=== How to complete this task ===
Read the records and gather each line that includes "intros".

[Collected data entries]
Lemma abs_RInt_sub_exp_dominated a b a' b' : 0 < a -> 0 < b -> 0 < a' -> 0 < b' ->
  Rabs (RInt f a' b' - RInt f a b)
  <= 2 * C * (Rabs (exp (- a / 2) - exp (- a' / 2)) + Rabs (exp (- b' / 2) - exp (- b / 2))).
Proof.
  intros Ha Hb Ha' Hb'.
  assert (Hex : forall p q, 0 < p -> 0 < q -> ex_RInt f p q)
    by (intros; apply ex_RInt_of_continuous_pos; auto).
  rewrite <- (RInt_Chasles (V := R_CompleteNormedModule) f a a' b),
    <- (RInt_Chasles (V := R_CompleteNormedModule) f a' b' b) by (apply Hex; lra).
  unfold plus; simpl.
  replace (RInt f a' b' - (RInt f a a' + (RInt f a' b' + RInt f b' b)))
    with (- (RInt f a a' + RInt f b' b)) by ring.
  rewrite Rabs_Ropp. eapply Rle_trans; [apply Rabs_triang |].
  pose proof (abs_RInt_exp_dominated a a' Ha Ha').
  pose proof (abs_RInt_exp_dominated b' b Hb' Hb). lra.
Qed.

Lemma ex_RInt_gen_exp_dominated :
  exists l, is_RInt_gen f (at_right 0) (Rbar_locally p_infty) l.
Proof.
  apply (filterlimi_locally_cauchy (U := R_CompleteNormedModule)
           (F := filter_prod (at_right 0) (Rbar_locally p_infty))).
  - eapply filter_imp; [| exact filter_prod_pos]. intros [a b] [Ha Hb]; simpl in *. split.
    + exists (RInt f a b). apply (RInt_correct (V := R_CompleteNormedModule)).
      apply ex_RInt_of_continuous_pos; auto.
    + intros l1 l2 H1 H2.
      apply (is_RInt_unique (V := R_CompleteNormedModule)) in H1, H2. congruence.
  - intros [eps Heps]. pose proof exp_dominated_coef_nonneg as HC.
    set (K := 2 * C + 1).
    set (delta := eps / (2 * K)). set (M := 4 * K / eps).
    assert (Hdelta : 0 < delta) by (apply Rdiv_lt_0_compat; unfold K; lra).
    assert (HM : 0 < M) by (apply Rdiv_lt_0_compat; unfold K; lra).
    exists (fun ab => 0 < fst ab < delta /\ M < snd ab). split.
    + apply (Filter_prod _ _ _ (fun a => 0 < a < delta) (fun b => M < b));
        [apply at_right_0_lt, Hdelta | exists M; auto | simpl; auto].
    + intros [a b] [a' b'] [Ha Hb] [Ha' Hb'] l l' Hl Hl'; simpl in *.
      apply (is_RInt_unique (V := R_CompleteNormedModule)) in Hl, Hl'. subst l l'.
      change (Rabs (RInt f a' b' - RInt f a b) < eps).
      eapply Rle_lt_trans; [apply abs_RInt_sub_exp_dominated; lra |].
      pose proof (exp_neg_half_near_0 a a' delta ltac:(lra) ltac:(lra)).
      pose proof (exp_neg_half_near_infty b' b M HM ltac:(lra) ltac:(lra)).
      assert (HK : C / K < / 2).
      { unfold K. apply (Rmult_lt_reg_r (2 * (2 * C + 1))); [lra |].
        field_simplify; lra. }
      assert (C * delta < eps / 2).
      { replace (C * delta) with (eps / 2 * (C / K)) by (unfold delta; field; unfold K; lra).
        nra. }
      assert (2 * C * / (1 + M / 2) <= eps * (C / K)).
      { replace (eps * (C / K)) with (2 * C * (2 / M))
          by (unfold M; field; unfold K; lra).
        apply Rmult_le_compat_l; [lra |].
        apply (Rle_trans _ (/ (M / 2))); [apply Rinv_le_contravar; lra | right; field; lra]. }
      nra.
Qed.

=== Exercise response ===
  intros Ha Hb Ha' Hb'.
    by (intros; apply ex_RInt_of_continuous_pos; auto).
  - eapply filter_imp; [| exact filter_prod_pos]. intros [a b] [Ha Hb]; simpl in *. split.
    + intros l1 l2 H1 H2.
  - intros [eps Heps]. pose proof exp_dominated_coef_nonneg as HC.
    + intros [a b] [a' b'] [Ha Hb] [Ha' Hb'] l l' Hl Hl'; simpl in *.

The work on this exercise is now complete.